5.2  MERS-CoV-liver injury
The patients infected by MERS-CoV were also presented with alanine aminotransferase (ALT) and aspartate aminotransferase (AST) levels above normal. Besides the elevated liver enzymes, the albumin levels were decreased, which serves as an indicator of the severity of the disease [[67], [68], [69]]. The MERS-CoV enters the host cell through the DPP-4 receptor and spreads the infection [70]. The liver is the main organ that expresses high levels of Dipeptidyl peptidase 4 (DPP-4) [71]. This was experimentally proved by infecting the transgenic mice expressing hDPP4 with MERS-CoV which indicated that the liver injury had taken place on the 5th day of the infection as evidenced by the pathological manifestations such as disintegrated death of hepatocytes in the hepatic sinus, penetration of large amounts of activated macrophages and Kupffer cells. The changes related to fat metabolism were observed on the 9th day of infection, and the liver cell necrosis was quite less [72] (represented in Table 1).
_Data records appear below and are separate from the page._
(* Let $(A,\mu,\alpha,\beta)$ be a BiHom-associative algebra and $r=\sum_i x_i\otimes y_i\in A\otimes A$ with $(\alpha\otimes\alpha)(r)=r=(\beta\otimes\beta)(r)$, and suppose $r$ is a solution of the associative BiHom-Yang-Baxter equation. Define $R:A\to A$ by $R(a)=\sum_i\alpha\beta^3(x_i)\,(a\,\alpha^3(y_i))$ (which equals $\sum_i(\beta^3(x_i)\,a)\,\alpha^3\beta(y_i)$). Then $R$ commutes with $\alpha$ and $\beta$ and satisfies $R(\alpha\beta(a))R(\alpha\beta(b))=R\big(\alpha\beta(a)R(b)+R(a)\alpha\beta(b)\big)$ for all $a,b\in A$, i.e. $R$ is an $\alpha\beta$-Rota-Baxter operator.
   Context: A BiHom-associative algebra $(A,\mu,\alpha,\beta)$: linear space with bilinear $\mu(x\otimes y)=xy$ and linear maps $\alpha,\beta$ with $\alpha\beta=\beta\alpha$, both multiplicative, and $\alpha(x)(yz)=(xy)\beta(z)$ for all $x,y,z$. For $r=\sum_i x_i\otimes y_i$ with $(\alpha\otimes\alpha)(r)=r=(\beta\otimes\beta)(r)$, $r$ is a solution of the associative BiHom-Yang-Baxter equation if $\sum_{i,j}\alpha(x_i)\otimes y_ix_j\otimes\beta(y_j)=\sum_{i,j}x_ix_j\otimes\beta(y_j)\otimes\beta(y_i)+\sum_{i,j}\alpha(x_i)\otimes\alpha(x_j)\otimes y_jy_i$ in $A\otimes A\otimes A$. *)

From HB Require Import structures.
From mathcomp Require Import all_boot all_order all_algebra.
Set Implicit Arguments. Unset Strict Implicit. Unset Printing Implicit Defensive.
Import GRing.Theory.
Local Open Scope ring_scope.

Definition is_linear (K : fieldType) (A V : lmodType K) (f : A -> V) : Prop :=
  forall (c : K) (x y : A), f (c *: x + y) = c *: f x + f y.

Definition is_bilinear (K : fieldType) (A V : lmodType K) (f : A -> A -> V) : Prop :=
  (forall (c : K) x x' y, f (c *: x + x') y = c *: f x y + f x' y) /\
  (forall (c : K) x y y', f x (c *: y + y') = c *: f x y + f x y').

Definition is_trilinear (K : fieldType) (A V : lmodType K) (f : A -> A -> A -> V) : Prop :=
  (forall (c : K) x x' y z, f (c *: x + x') y z = c *: f x y z + f x' y z) /\
  (forall (c : K) x y y' z, f x (c *: y + y') z = c *: f x y z + f x y' z) /\
  (forall (c : K) x y z z', f x y (c *: z + z') = c *: f x y z + f x y z').

Definition BiHomAssoc (K : fieldType) (A : lmodType K)
    (mu : A -> A -> A) (alpha beta : A -> A) : Prop :=
  is_bilinear mu /\ is_linear alpha /\ is_linear beta /\
  (forall x, alpha (beta x) = beta (alpha x)) /\
  (forall x y, alpha (mu x y) = mu (alpha x) (alpha y)) /\
  (forall x y, beta (mu x y) = mu (beta x) (beta y)) /\
  (forall x y z, mu (alpha x) (mu y z) = mu (mu x y) (beta z)).

(* Elements of A (x) A are represented by finite lists of pairs
   r = [:: (x_i, y_i)] meaning  sum_i x_i (x) y_i.
   Equalities in A (x) A, resp. A (x) A (x) A, are expressed through the
   universal property of the tensor product: two tensors are equal iff every
   bilinear (resp. trilinear) map into every K-vector space V agrees on them. *)

Definition tensor2_invariant (K : fieldType) (A : lmodType K) (f : A -> A)
    (r : seq (A * A)) : Prop :=
  forall (V : lmodType K) (g : A -> A -> V), is_bilinear g ->
    \sum_(p <- r) g (f p.1) (f p.2) = \sum_(p <- r) g p.1 p.2.

Definition BiHomAYBE (K : fieldType) (A : lmodType K)
    (mu : A -> A -> A) (alpha beta : A -> A) (r : seq (A * A)) : Prop :=
  forall (V : lmodType K) (g : A -> A -> A -> V), is_trilinear g ->
    \sum_(p <- r) \sum_(q <- r) g (alpha p.1) (mu p.2 q.1) (beta q.2)
    = \sum_(p <- r) \sum_(q <- r) g (mu p.1 q.1) (beta q.2) (beta p.2)
      + \sum_(p <- r) \sum_(q <- r) g (alpha p.1) (alpha q.1) (mu q.2 p.2).

Definition RBop (K : fieldType) (A : lmodType K)
    (mu : A -> A -> A) (alpha beta : A -> A) (r : seq (A * A)) (a : A) : A :=
  \sum_(p <- r) mu (alpha (iter 3 beta p.1)) (mu a (iter 3 alpha p.2)).

(** The Yang-Baxter equation is an identity of tensors in A (x) A (x) A, so it
    may be tested against any trilinear map.  Choosing the trilinear map
    [rb_kernel a b] below, its three terms become, respectively,
    [R(ab a) R(ab b)], [R(R(a) ab b)] and [R(ab a R(b))] (with [ab = alpha beta]),
    each after re-bracketing with BiHom-associativity and moving powers of
    alpha and beta between the two legs of [r] by its invariance. *)
From HB Require Import structures.
From mathcomp Require Import all_boot all_order all_algebra.
Import GRing.Theory.
Local Open Scope ring_scope.

Set Implicit Arguments. Unset Strict Implicit.

Section Multilinear.
Variables (K : fieldType) (A V : lmodType K).

Lemma is_linear0 (f : A -> V) : is_linear f -> f 0 = 0.
Proof. by move=> f_lin; have := f_lin (-1) 0 0; rewrite scaler0 add0r scaleN1r addNr. Qed.

Lemma is_linearD (f : A -> V) : is_linear f -> {morph f : x y / x + y}.
Proof. by move=> f_lin x y; have := f_lin 1 x y; rewrite !scale1r. Qed.

Lemma is_linear_sum (f : A -> V) (I : Type) (s : seq I) (F : I -> A) :
  is_linear f -> f (\sum_(i <- s) F i) = \sum_(i <- s) f (F i).
Proof. by move=> f_lin; apply: (big_morph f (is_linearD f_lin) (is_linear0 f_lin)). Qed.

Lemma is_linear_big (I : Type) (s : seq I) (F : A -> I -> V) :
  (forall i, is_linear (F^~ i)) -> is_linear (fun u => \sum_(i <- s) F u i).
Proof.
move=> F_lin c x y; elim: s => [|i s IHs]; first by rewrite !big_nil scaler0 addr0.
by rewrite !big_cons IHs F_lin scalerDr addrACA.
Qed.

Lemma is_bilinear_of_partial (g : A -> A -> V) :
  (forall y, is_linear (g^~ y)) -> (forall x, is_linear (g x)) -> is_bilinear g.
Proof. by move=> g_linl g_linr; split=> c *; [apply: g_linl | apply: g_linr]. Qed.

Lemma is_trilinear_of_partial (g : A -> A -> A -> V) :
  (forall y z, is_linear (fun x => g x y z)) ->
  (forall x z, is_linear (fun y => g x y z)) ->
  (forall x y, is_linear (g x y)) -> is_trilinear g.
Proof.
by move=> g_lin1 g_lin2 g_lin3; split; [|split] => c *;
  [apply: g_lin1 | apply: g_lin2 | apply: g_lin3].
Qed.

Lemma is_bilinear_comp (g : A -> A -> V) (f : A -> A) :
  is_bilinear g -> is_linear f -> is_bilinear (fun u v => g (f u) (f v)).
Proof. by move=> [g_linl g_linr] f_lin; split=> c *; rewrite f_lin ?g_linl ?g_linr. Qed.

End Multilinear.

Section Endomorphisms.
Variables (K : fieldType) (A : lmodType K).
Implicit Types (f h F : A -> A) (mu : A -> A -> A) (r : seq (A * A)).

Lemma is_linear_id : is_linear (@id A).
Proof. by []. Qed.

Lemma is_linear_comp f F : is_linear f -> is_linear F -> is_linear (fun u => f (F u)).
Proof. by move=> f_lin F_lin c x y; rewrite F_lin f_lin. Qed.

Lemma is_linear_iter f n : is_linear f -> is_linear (iter n f).
Proof. by move=> f_lin; elim: n => [|n IHn] // c x y; rewrite !iterS IHn f_lin. Qed.

Lemma is_linear_mull mu F y :
  is_bilinear mu -> is_linear F -> is_linear (fun u => mu (F u) y).
Proof. by move=> [mu_linl _] F_lin c x x'; rewrite F_lin mu_linl. Qed.

Lemma is_linear_mulr mu x F :
  is_bilinear mu -> is_linear F -> is_linear (fun u => mu x (F u)).
Proof. by move=> [_ mu_linr] F_lin c y y'; rewrite F_lin mu_linr. Qed.

Lemma tensor2_invariant_comp f h r :
  is_linear h -> tensor2_invariant f r -> tensor2_invariant h r ->
  tensor2_invariant (fun x => h (f x)) r.
Proof.
move=> h_lin r_f r_h V g g_bil.
by rewrite (r_f _ (fun u v => g (h u) (h v))) ?r_h //; apply: is_bilinear_comp.
Qed.

Lemma tensor2_invariant_iter f r n :
  is_linear f -> tensor2_invariant f r -> tensor2_invariant (iter n f) r.
Proof.
move=> f_lin r_f; elim: n => [|n IHn] V g g_bil //.
under eq_bigr => p _ do rewrite !iterS.
exact: (tensor2_invariant_comp f_lin IHn r_f g_bil).
Qed.

Lemma tensor2_invariant_sum f r (F : A * A -> A) :
  tensor2_invariant f r -> is_bilinear (fun u v => F (u, v)) ->
  \sum_(p <- r) F p = \sum_(p <- r) F (f p.1, f p.2).
Proof. by move=> r_f F_bil; rewrite (r_f _ _ F_bil); apply: eq_bigr => -[]. Qed.

End Endomorphisms.

Section RotaBaxter.
Variables (K : fieldType) (A : lmodType K).
Variables (mu : A -> A -> A) (alpha beta : A -> A) (r : seq (A * A)).
Hypotheses (mu_bil : is_bilinear mu) (alpha_lin : is_linear alpha)
  (beta_lin : is_linear beta).
Hypothesis beta_alpha : forall x, beta (alpha x) = alpha (beta x).
Hypothesis alpha_mul : forall x y, alpha (mu x y) = mu (alpha x) (alpha y).
Hypothesis beta_mul : forall x y, beta (mu x y) = mu (beta x) (beta y).
Hypothesis mu_assoc : forall x y z, mu (alpha x) (mu y z) = mu (mu x y) (beta z).
Hypotheses (r_alpha : tensor2_invariant alpha r) (r_beta : tensor2_invariant beta r).

Local Notation R := (RBop mu alpha beta r).

Ltac linearity :=
  repeat first [ apply: is_linear_id
    | apply: is_linear_big => ?
    | apply: (is_linear_mull _ mu_bil)
    | apply: (is_linear_mulr _ mu_bil)
    | apply: (is_linear_comp alpha_lin)
    | apply: (is_linear_comp beta_lin)
    | apply: (is_linear_comp (is_linear_iter _ alpha_lin))
    | apply: (is_linear_comp (is_linear_iter _ beta_lin)) ].

Ltac bilinearity := apply: is_bilinear_of_partial => ? /=; linearity.

Ltac push_maps := rewrite /=; repeat first
  [ rewrite alpha_mul | rewrite beta_mul | rewrite beta_alpha ].

Ltac push_maps_in H := rewrite /= in H; repeat first
  [ rewrite alpha_mul in H | rewrite beta_mul in H | rewrite beta_alpha in H ].

(* [e] is an instance of [mu_assoc] written in readable form; pushing [alpha]
   and [beta] to the leaves brings it to the normal form of the goal. *)
Ltac reassoc e := let H := fresh in have H := e; push_maps_in H; rewrite H; clear H.
Ltac reassoc_rev e := let H := fresh in have H := e; push_maps_in H; rewrite -H; clear H.

Lemma mu_suml (I : Type) (s : seq I) (F : I -> A) y :
  mu (\sum_(i <- s) F i) y = \sum_(i <- s) mu (F i) y.
Proof. exact: (is_linear_sum _ _ (is_linear_mull y mu_bil (@is_linear_id _ _))). Qed.

Lemma mu_sumr (I : Type) (s : seq I) (F : I -> A) x :
  mu x (\sum_(i <- s) F i) = \sum_(i <- s) mu x (F i).
Proof. exact: (is_linear_sum _ _ (is_linear_mulr x mu_bil (@is_linear_id _ _))). Qed.

Lemma tensor2_invariant_powers m n :
  tensor2_invariant (fun x => iter n beta (iter m alpha x)) r.
Proof.
by apply: tensor2_invariant_comp;
  [apply: is_linear_iter | apply: tensor2_invariant_iter ..].
Qed.

Lemma RBopE a :
  R a = \sum_(p <- r) mu (mu (iter 3 beta p.1) a) (iter 3 alpha (beta p.2)).
Proof. by apply: eq_bigr => p _ /=; rewrite mu_assoc -!beta_alpha. Qed.

Lemma RBop_linear : is_linear R.
Proof. by rewrite /RBop; linearity. Qed.

Lemma RBop_alpha a : R (alpha a) = alpha (R a).
Proof.
rewrite /RBop (is_linear_sum _ _ alpha_lin).
rewrite (tensor2_invariant_sum (tensor2_invariant_powers 1 0)).
  by apply: eq_bigr => p _ /=; rewrite !alpha_mul -!beta_alpha.
by bilinearity.
Qed.

Lemma RBop_beta a : R (beta a) = beta (R a).
Proof.
rewrite /RBop (is_linear_sum _ _ beta_lin).
rewrite (tensor2_invariant_sum (tensor2_invariant_powers 0 1)).
  by apply: eq_bigr => p _ /=; rewrite !beta_mul -!beta_alpha.
by bilinearity.
Qed.

Definition rb_kernel (a b u m w : A) : A :=
  mu (mu (mu (iter 4 beta u) (alpha (beta a))) (iter 3 alpha (iter 2 beta m)))
     (mu (alpha (beta (beta b))) (iter 5 alpha w)).

Lemma rb_kernel_trilinear a b : is_trilinear (rb_kernel a b).
Proof. by apply: is_trilinear_of_partial => * /=; rewrite /rb_kernel; linearity. Qed.

Lemma RBop_mul_sum a b :
  mu (R (alpha (beta a))) (R (alpha (beta b))) =
  \sum_(p <- r) \sum_(q <- r) rb_kernel a b (alpha p.1) (mu p.2 q.1) (beta q.2).
Proof.
rewrite /RBop mu_suml; under eq_bigr => p _ do rewrite mu_sumr.
rewrite [LHS](tensor2_invariant_sum (tensor2_invariant_powers 1 1)); last by bilinearity.
apply: eq_bigr => p _.
rewrite [LHS](tensor2_invariant_sum (tensor2_invariant_powers 2 0)); last by bilinearity.
apply: eq_bigr => q _; rewrite /rb_kernel; push_maps.
reassoc (mu_assoc (iter 1 alpha (iter 4 beta p.1)) (alpha (beta a))
                  (iter 4 alpha (beta p.2))).
reassoc (mu_assoc (mu (iter 4 beta p.1) (beta a)) (iter 3 alpha (iter 2 beta p.2))
                  (iter 3 alpha (iter 2 beta q.1))).
by reassoc_rev (mu_assoc (mu (mu (iter 4 beta p.1) (beta a))
                             (iter 3 alpha (iter 2 beta p.2)))
                         (iter 3 alpha (iter 3 beta q.1))
                         (mu (alpha (beta b)) (iter 5 alpha q.2))).
Qed.

Lemma RBop_mul_RBopr_sum a b :
  R (mu (alpha (beta a)) (R b)) =
  \sum_(p <- r) \sum_(q <- r) rb_kernel a b (alpha p.1) (alpha q.1) (mu q.2 p.2).
Proof.
rewrite /rb_kernel /RBop.
under eq_bigr => p _ do rewrite mu_sumr mu_suml mu_sumr.
rewrite [LHS](tensor2_invariant_sum (tensor2_invariant_powers 2 1)); last by bilinearity.
apply: eq_bigr => p _.
rewrite [LHS](tensor2_invariant_sum (tensor2_invariant_powers 2 0)); last by bilinearity.
rewrite [RHS](tensor2_invariant_sum (tensor2_invariant_powers 0 2)); last by bilinearity.
apply: eq_bigr => q _; push_maps.
reassoc (mu_assoc (iter 2 alpha (iter 4 beta p.1))
  (mu (alpha (beta a)) (mu (iter 3 alpha (iter 3 beta q.1)) (mu b (iter 5 alpha q.2))))
  (iter 5 alpha (beta p.2))).
reassoc (mu_assoc (alpha (iter 4 beta p.1)) (alpha (beta a))
  (mu (iter 3 alpha (iter 3 beta q.1)) (mu b (iter 5 alpha q.2)))).
reassoc (mu_assoc (mu (iter 4 beta p.1) (beta a)) (iter 3 alpha (iter 4 beta q.1))
  (mu (beta b) (iter 5 alpha (beta q.2)))).
reassoc_rev (mu_assoc (mu (mu (iter 4 beta p.1) (beta a)) (iter 3 alpha (iter 4 beta q.1)))
  (mu (beta (beta b)) (iter 5 alpha (iter 2 beta q.2))) (iter 5 alpha (beta p.2))).
by reassoc_rev (mu_assoc (beta (beta b)) (iter 5 alpha (iter 2 beta q.2))
  (iter 5 alpha p.2)).
Qed.

Lemma RBop_mul_RBopl_sum a b :
  R (mu (R a) (alpha (beta b))) =
  \sum_(p <- r) \sum_(q <- r) rb_kernel a b (mu p.1 q.1) (beta q.2) (beta p.2).
Proof.
rewrite /rb_kernel /RBop.
under eq_bigr => p _ do rewrite mu_suml mu_suml mu_sumr.
rewrite [LHS](tensor2_invariant_sum (tensor2_invariant_powers 2 1)); last by bilinearity.
apply: eq_bigr => p _.
rewrite [LHS](tensor2_invariant_sum (tensor2_invariant_powers 0 1)); last by bilinearity.
rewrite [RHS](tensor2_invariant_sum (tensor2_invariant_powers 1 0)); last by bilinearity.
apply: eq_bigr => q _; push_maps.
reassoc (mu_assoc (iter 2 alpha (iter 4 beta p.1))
  (mu (mu (alpha (iter 4 beta q.1)) (mu a (iter 3 alpha (beta q.2)))) (alpha (beta b)))
  (iter 5 alpha (beta p.2))).
reassoc (mu_assoc (alpha (iter 4 beta p.1))
  (mu (alpha (iter 4 beta q.1)) (mu a (iter 3 alpha (beta q.2)))) (alpha (beta b))).
reassoc_rev (mu_assoc (mu (alpha (iter 4 beta p.1))
                          (mu (alpha (iter 4 beta q.1)) (mu a (iter 3 alpha (beta q.2)))))
  (alpha (iter 2 beta b)) (iter 5 alpha (beta p.2))).
reassoc (mu_assoc (alpha (iter 4 beta p.1)) (iter 2 alpha (iter 4 beta q.1))
  (mu (alpha a) (iter 4 alpha (beta q.2)))).
by reassoc_rev (mu_assoc (mu (iter 4 beta p.1) (alpha (iter 4 beta q.1)))
  (alpha (beta a)) (iter 4 alpha (iter 2 beta q.2))).
Qed.

End RotaBaxter.

Theorem mainTheorem9 (K : fieldType) (A : lmodType K)
    (mu : A -> A -> A) (alpha beta : A -> A) (r : seq (A * A)) :
  BiHomAssoc mu alpha beta ->
  tensor2_invariant alpha r ->
  tensor2_invariant beta r ->
  BiHomAYBE mu alpha beta r ->
  let R := RBop mu alpha beta r in
  (forall a, R a = \sum_(p <- r) mu (mu (iter 3 beta p.1) a) (iter 3 alpha (beta p.2))) /\
  (forall a, R (alpha a) = alpha (R a)) /\
  (forall a, R (beta a) = beta (R a)) /\
  (forall a b, mu (R (alpha (beta a))) (R (alpha (beta b)))
               = R (mu (alpha (beta a)) (R b) + mu (R a) (alpha (beta b)))).
Proof.
move=> [mu_bil [alpha_lin [beta_lin [alphaC [alpha_mul [beta_mul mu_assoc]]]]]].
move=> r_alpha r_beta aybe R.
have beta_alpha x : beta (alpha x) = alpha (beta x) by rewrite alphaC.
split; first exact: RBopE.
split; first exact: RBop_alpha.
split; first exact: RBop_beta.
move=> a b; rewrite {}/R.
rewrite RBop_mul_sum // (is_linearD (RBop_linear alpha beta r mu_bil)).
rewrite RBop_mul_RBopr_sum // RBop_mul_RBopl_sum //.
by rewrite (aybe _ _ (rb_kernel_trilinear mu_bil alpha_lin beta_lin a b)) addrC.
Qed.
The histopathological findings of the hepatic tissue during MERS-CoV infection include infiltration of lobular lymphocytes, mild cellular hydropic degeneration in hepatic parenchyma, and mild portal tract [73,74]. During the acute phase of infection, the levels of pro-inflammatory cytokines such as TNF-α, IFN-γ, IL-17, and IL-15 were significantly elevated [75]. But the question of whether liver injury initiated is due to the viral-mediated pathogenesis or due to the drugs that have been used during the viral infection remains elusive [37].